Being the classically trained director that he is, he did this better to reveal the essence of the play Chekhov wrote in 1904, while bringing it closer to individuals watching it in the modern age.

Thus this production begins with the old servant Firs as one of the few characters who actually stands on the stage anywhere besides the front edge. It plays down the servant girl Dunya, minimizes the presence of the eccentric governess Charlotta, and not only allows the wealthy former serf Lopakhin two long kisses with the adopted daughter Varya — but actually provides them time to run off stage for a quickie while no one is looking.

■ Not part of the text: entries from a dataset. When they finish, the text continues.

Lemma qadj_irr n (x : qvert n) : ~~ qadj x x.
Proof. by apply/qadjP=> -[i /ffunP/(_ i)]; rewrite ffunE eqxx; case: (x i). Qed.

Lemma qadj_neq n (u v : qvert n) : qadj u v -> (u == v) = false.
Proof. by case: (eqVneq u v) => // ->; rewrite (negbTE (qadj_irr v)). Qed.

Lemma qedges_in n (x y : qvert n) : qadj x y -> [set x; y] \in qedges n.
Proof.
by move=> xy; rewrite inE; apply/existsP; exists x; apply/existsP; exists y; rewrite xy eqxx.
Qed.

Lemma qedgesP n e : e \in qedges n -> exists x y, e = [set x; y] /\ qadj x y.
Proof. by rewrite inE => /existsP [x /existsP [y /andP [xy /eqP ->]]]; exists x, y. Qed.

Lemma qedges_at n (x : qvert n) :
  [set e in qedges n | x \in e] = [set [set x; flip i x] | i : 'I_n].
Proof.
apply/setP=> e; rewrite inE; apply/andP/imsetP => [[/qedgesP [s [t [-> st]]] xe]|[i _ ->]].
  case/set2P: xe => ->; last rewrite setUC qadj_sym in st *.
  1,2: by case/qadjP: st => i ->; exists i.
by rewrite setU11 qedges_in //; apply/qadjP; exists i.
Qed.

Lemma card_qedges_at n (x : qvert n) : #|[set e in qedges n | x \in e]| = n.
Proof.
rewrite qedges_at card_imset ?card_ord // => i j /set2_eq [[_ E]|[E _]].
- by move/ffunP/(_ i): E; rewrite !ffunE eqxx; case: eqP => [//|_]; case: (x i).
- by move/ffunP/(_ j): E; rewrite ffunE eqxx; case: (x j).
Qed.

(* Handshake count: Q_n has n * 2^(n-1) edges. *)
Lemma card_qedges n : 2 * #|qedges n| = n * 2 ^ n.
Proof.
have card_edge e : e \in qedges n -> #|e| = 2.
  by case/qedgesP=> x [y [-> /qadj_neq xy]]; rewrite cards2 xy.
rewrite mulnC -sum_nat_const (eq_bigr _ (fun e E => esym (card_edge e E))).
under eq_bigr do rewrite -sum1_card big_mkcond /=.
rewrite exchange_big (_ : n * 2 ^ n = \sum_(x : qvert n) n); last first.
  by rewrite sum_nat_const card_ffun card_bool card_ord mulnC.
apply: eq_bigr => x _; rewrite -big_mkcondr sum1dep_card -[RHS](card_qedges_at x).
by apply: eq_card => e; rewrite inE.
Qed.

Lemma erel_sym n (F : {set {set qvert n}}) : symmetric (erel F).
Proof. by move=> x y; rewrite /erel eq_sym setUC. Qed.

Definition parent_edges n (r : qvert n) (p : qvert n -> qvert n) : {set {set qvert n}} :=
  [set [set v; p v] | v in [set~ r]].

Section ParentTree.
Variables (n : nat) (r : qvert n) (p : qvert n -> qvert n) (h : qvert n -> nat).
Hypothesis parent_adj : forall v, v != r -> qadj v (p v).
Hypothesis parent_dec : forall v, v != r -> h (p v) < h v.

Local Notation F := (parent_edges r p).

Lemma parent_of_lower v u : erel F v u -> h u <= h v -> p v = u.
Proof.
case/andP=> _ /imsetP [w]; rewrite in_setC1 => wr /set2_eq [[-> ->]|[-> ->]] // le.
by have := parent_dec wr; rewrite ltnNge le.
Qed.

Lemma connect_root v : connect (erel F) v r.
Proof.
elim: {v}(h v).+1 {-2}v (ltnSn (h v)) => // m IH v hv.
case: (eqVneq v r) => [->|vr]; first exact: connect0.
have e : erel F v (p v).
  rewrite /erel (_ : [set v; p v] \in F) ?andbT; last by apply: imset_f; rewrite !inE.
  by apply/eqP=> E; have := parent_dec vr; rewrite -E ltnn.
by apply: connect_trans (connect1 e) (IH _ _); apply: leq_trans (parent_dec vr) _.
Qed.

(* In a cycle the highest vertex would have two distinct parents. *)
Lemma parent_edges_tree : spanning_tree F.
Proof.
split.
- apply/subsetP=> e /imsetP [v]; rewrite in_setC1 => vr ->.
  exact: qedges_in (parent_adj vr).
- move=> x y; apply: connect_trans (connect_root x) _.
  by rewrite (sym_connect_sym (@erel_sym n F)) connect_root.
move=> s us ss; apply/negP=> cs.
have s0 : head r s \in s by case: s ss {us cs} => // a s' _; rewrite mem_head.
case: (arg_maxnP h s0) => v vs vmax.
case: (rot_to vs) => i t Et.
have ut : uniq (v :: t) by rewrite -Et rot_uniq.
have ct : cycle (erel F) (v :: t) by rewrite -Et rot_cycle.
have st : 3 <= size (v :: t) by rewrite -Et size_rot.
have mt w : w \in v :: t -> h w <= h v by rewrite -Et mem_rot => /vmax.
case: t Et ut ct st mt => [|u [|w0 s2]] //= _ /and3P [_ uw _] ct _ mt.
move: ct; rewrite -cats1 cat_path /= andbT => /and4P [evu _ _ ewv].
set w := last w0 s2 in ewv.
have ws : w \in w0 :: s2 by apply: mem_last.
have pu : p v = u by apply: parent_of_lower evu (mt _ _); rewrite in_cons mem_head orbT.
have pw : p v = w.
  by apply: parent_of_lower (mt _ _); rewrite 1?erel_sym // in_cons in_cons ws !orbT.
by move: uw; rewrite -pu pw ws.
Qed.

(* v |-> {v, p v} is injective: otherwise v and p v would be each other's
   parents, contradicting the decrease of h. *)
Lemma card_parent_edges : #|F| = 2 ^ n - 1.
Proof.
rewrite card_in_imset ?cardsC1 ?card_ffun ?card_bool ?card_ord ?subn1 //.
move=> v w; rewrite !inE => vr wr /set2_eq [[//]|[vpw wpv]].
have := parent_dec wr; rewrite -vpw -wpv => lt_vpv.
by have := ltn_trans lt_vpv (parent_dec vr); rewrite ltnn.
Qed.

End ParentTree.

Definition certificate n K (lab : qvert n -> qvert n -> option 'I_K)
    (p : 'I_K -> qvert n -> qvert n) (h : 'I_K -> qvert n -> nat)
    (ma mb : 'I_K -> qvert n) : Prop :=
  [/\ forall s t, lab s t = lab t s,
      forall i v, v != ma i ->
        [&& qadj v (p i v), lab v (p i v) == Some i & h i (p i v) < h i v],
      forall i, qadj (ma i) (mb i) /\ lab (ma i) (mb i) = None
    & forall i j, i != j -> [disjoint [set ma i; mb i] & [set ma j; mb j]]].

Definition decomposable n K : Prop :=
  exists lab p h ma mb, @certificate n K lab p h ma mb.

(* Counting: K edge-disjoint spanning trees and K further edges of Q_(2K)
   already account for all K * 2^(2K) edges, so they cover Q_(2K). *)
Lemma qedges_cover K (T : 'I_K -> {set {set qvert (2 * K)}})
    (M : {set {set qvert (2 * K)}}) :
    (forall i, T i \subset qedges (2 * K)) -> M \subset qedges (2 * K) ->
    (forall i, #|T i| = 2 ^ (2 * K) - 1) -> #|M| = K ->
    (forall i j, i != j -> [disjoint T i & T j]) -> (forall i, [disjoint T i & M]) ->
  qedges (2 * K) = (\bigcup_(i < K) T i) :|: M.
Proof.
move=> subT subM cardT cardM disTT disTM.
apply/esym/eqP; rewrite eqEcard subUset subM andbT; apply/andP; split.
  by apply/bigcupsP=> i _; apply: subT.
have -> : #|qedges (2 * K)| = K * 2 ^ (2 * K).
  by apply/eqP; rewrite -(eqn_pmul2l (isT : 0 < 2)) mulnA card_qedges.
rewrite cardsU disjoint_setI0 ?cards0 ?subn0; last first.
  by rewrite disjoint_sym; apply: bigcup_disjoint => i _; rewrite disjoint_sym.
rewrite card_bigcup_disjoint // (eq_bigr _ (fun i _ => cardT i)) sum_nat_const card_ord.
by rewrite cardM mulnBr muln1 subnK // leq_pmulr // expn_gt0.
Qed.

(* A certificate yields the decomposition: tree i consists of the parent
   edges of [p i]; the labelling makes the trees and the matching disjoint. *)
Lemma decomposition_of_certificate K : decomposable (2 * K) K ->
  exists (T : 'I_K -> {set {set qvert (2 * K)}}) (M : {set {set qvert (2 * K)}}),
    [/\ forall i, spanning_tree (T i),
        forall i j, i != j -> [disjoint T i & T j],
        matching M /\ #|M| = K,
        forall i, [disjoint T i & M]
      & qedges (2 * K) = (\bigcup_(i < K) T i) :|: M].
Proof.
move=> [lab [p [h [ma [mb [lab_sym par matched matched_dis]]]]]].
have lab_edge s t s' t' : [set s; t] = [set s'; t'] -> lab s t = lab s' t'.
  by case/set2_eq=> [[-> ->]|[-> ->]]; last apply: lab_sym.
have adj i v : v != ma i -> qadj v (p i v) by move/par/and3P=> [].
have dec i v : v != ma i -> h i (p i v) < h i v by move/par/and3P=> [].
pose T i := parent_edges (ma i) (p i).
pose M := [set [set ma i; mb i] | i : 'I_K].
have tree i : spanning_tree (T i) by apply: parent_edges_tree (adj i) (dec i).
have lab_T i e : e \in T i -> exists s t, e = [set s; t] /\ lab s t = Some i.
  by case/imsetP=> v; rewrite in_setC1 => /(par i)/and3P [_ /eqP l _] ->; exists v, (p i v).
have M_inj : injective (fun i => [set ma i; mb i]).
  move=> i j /= E; apply/eqP/negP=> /negP /matched_dis.
  by rewrite E disjoint_set2 !eqxx !andbF.
have subM : M \subset qedges (2 * K).
  by apply/subsetP=> e /imsetP [i _ ->]; apply: qedges_in (matched i).1.
have cardM : #|M| = K by rewrite card_imset // card_ord.
have disTT i j : i != j -> [disjoint T i & T j].
  move=> ij; rewrite -setI_eq0; apply/eqP/setP=> e; rewrite !inE.
  apply/negbTE/negP=> /andP [/lab_T [s [t [-> l]]] /lab_T [s' [t' [E l']]]].
  by move: ij; rewrite -(inj_eq (@Some_inj _)) -l -l' (lab_edge _ _ _ _ E) eqxx.
have disTM i : [disjoint T i & M].
  rewrite -setI_eq0; apply/eqP/setP=> e; rewrite !inE.
  apply/negbTE/negP=> /andP [/lab_T [s [t [-> l]]] /imsetP [j _ E]].
  by move: (matched j).2; rewrite -(lab_edge _ _ _ _ E) l.
exists T, M; split=> //.
- split=> //; split=> // e f /imsetP [i _ ->] /imsetP [j _ ->] ef.
  by apply: matched_dis; apply: contraNneq ef => ->.
apply: qedges_cover => // [i|i]; first by case: (tree i).
exact: card_parent_edges (dec i).
Qed.

(* A vertex of Q_(n+2) is a vertex u of Q_n together with two bits x, y:
   Q_(n+2) = Q_n x Q_2. *)
Definition base n (s : qvert n.+2) : qvert n := [ffun j => s (lift ord0 (lift ord0 j))].
Definition xc n (s : qvert n.+2) : bool := s ord0.
Definition yc n (s : qvert n.+2) : bool := s (lift ord0 ord0).
Definition pt n (u : qvert n) (x y : bool) : qvert n.+2 :=
  [ffun i => if unlift ord0 i is Some i' then
               (if unlift ord0 i' is Some j then u j else y) else x].

Lemma base_pt n (u : qvert n) x y : base (pt u x y) = u.
Proof. by apply/ffunP=> j; rewrite !ffunE !liftK. Qed.
Lemma xc_pt n (u : qvert n) x y : xc (pt u x y) = x.
Proof. by rewrite /xc ffunE unlift_none. Qed.
Lemma yc_pt n (u : qvert n) x y : yc (pt u x y) = y.
Proof. by rewrite /yc ffunE liftK unlift_none. Qed.
Definition ptE := (base_pt, xc_pt, yc_pt).

Lemma ptP n (s : qvert n.+2) : exists u x y, s = pt u x y.
Proof.
exists (base s), (xc s), (yc s); apply/ffunP=> i; rewrite ffunE.
case: unliftP => [i' ->|->] //; case: unliftP => [j ->|->] //.
by rewrite ffunE.
Qed.

Lemma pt_eq n (u v : qvert n) x y x' y' :
  (pt u x y == pt v x' y') = [&& u == v, x == x' & y == y'].
Proof.
apply/idP/idP => [/eqP E|/and3P [/eqP-> /eqP-> /eqP->] //].
have := congr1 (@base n) E; have := congr1 (@xc n) E; have := congr1 (@yc n) E.
by rewrite !ptE => -> -> ->; rewrite !eqxx.
Qed.

Lemma card_setP m (P : pred 'I_m) : #|[set i | P i]| = \sum_(i < m) (P i : nat).
Proof.
by rewrite -sum1_card big_mkcond /=; apply: eq_bigr => i _; rewrite inE; case: (P i).
Qed.

Lemma qadj_copy n (u v : qvert n) x y : qadj (pt u x y) (pt v x y) = qadj u v.
Proof.
rewrite /qadj !card_setP !big_ord_recl !ffunE !unlift_none !liftK !unlift_none !eqxx.
by congr (_ == 1); apply: eq_bigr => j _; rewrite !ffunE !liftK.
Qed.

Lemma qadj_x n (u : qvert n) x x' y : x != x' -> qadj (pt u x y) (pt u x' y).
Proof.
move=> xx'; apply/qadjP; exists ord0; apply/ffunP=> i; rewrite !ffunE.
case: unliftP => [i' ->|->]; first by rewrite eq_sym eq_liftF.
by rewrite eqxx; case: x x' xx' => [] [].
Qed.

Lemma qadj_y n (u : qvert n) x y y' : y != y' -> qadj (pt u x y) (pt u x y').
Proof.
move=> yy'; apply/qadjP; exists (lift ord0 ord0); apply/ffunP=> i; rewrite !ffunE.
case: unliftP => [i' ->|->]; last by rewrite eq_liftF.
rewrite (inj_eq lift_inj); case: unliftP => [j ->|->]; first by rewrite eq_sym eq_liftF.
by rewrite eqxx; case: y y' yy' => [] [].
Qed.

In this version, when Lyubov Ranevskaya and her brother Gayev ask for one more look at the cherry orchard after it has been sold, and before they leave it forever, they actually ask to see Lopakhin's film about the orchard one more time.

These changes are neither random nor self-serving. Each of them allows us to step into a deeply familiar world and to see it from an entirely new perspective.

Dodin's direction is marvelous, but his creation takes wings thanks to Danila Kozlovsky's prodigious performance of Lopakhin. He is strong, smart, generous and conflicted.

And that is where the tragic flaw lies in this aching human tale.

This man breaks once he gets too much power too quickly and unexpectedly. Megalomania sets in; call it the "Putinization" of Lopakhin. It makes this one of the strongest Dodin productions I have seen.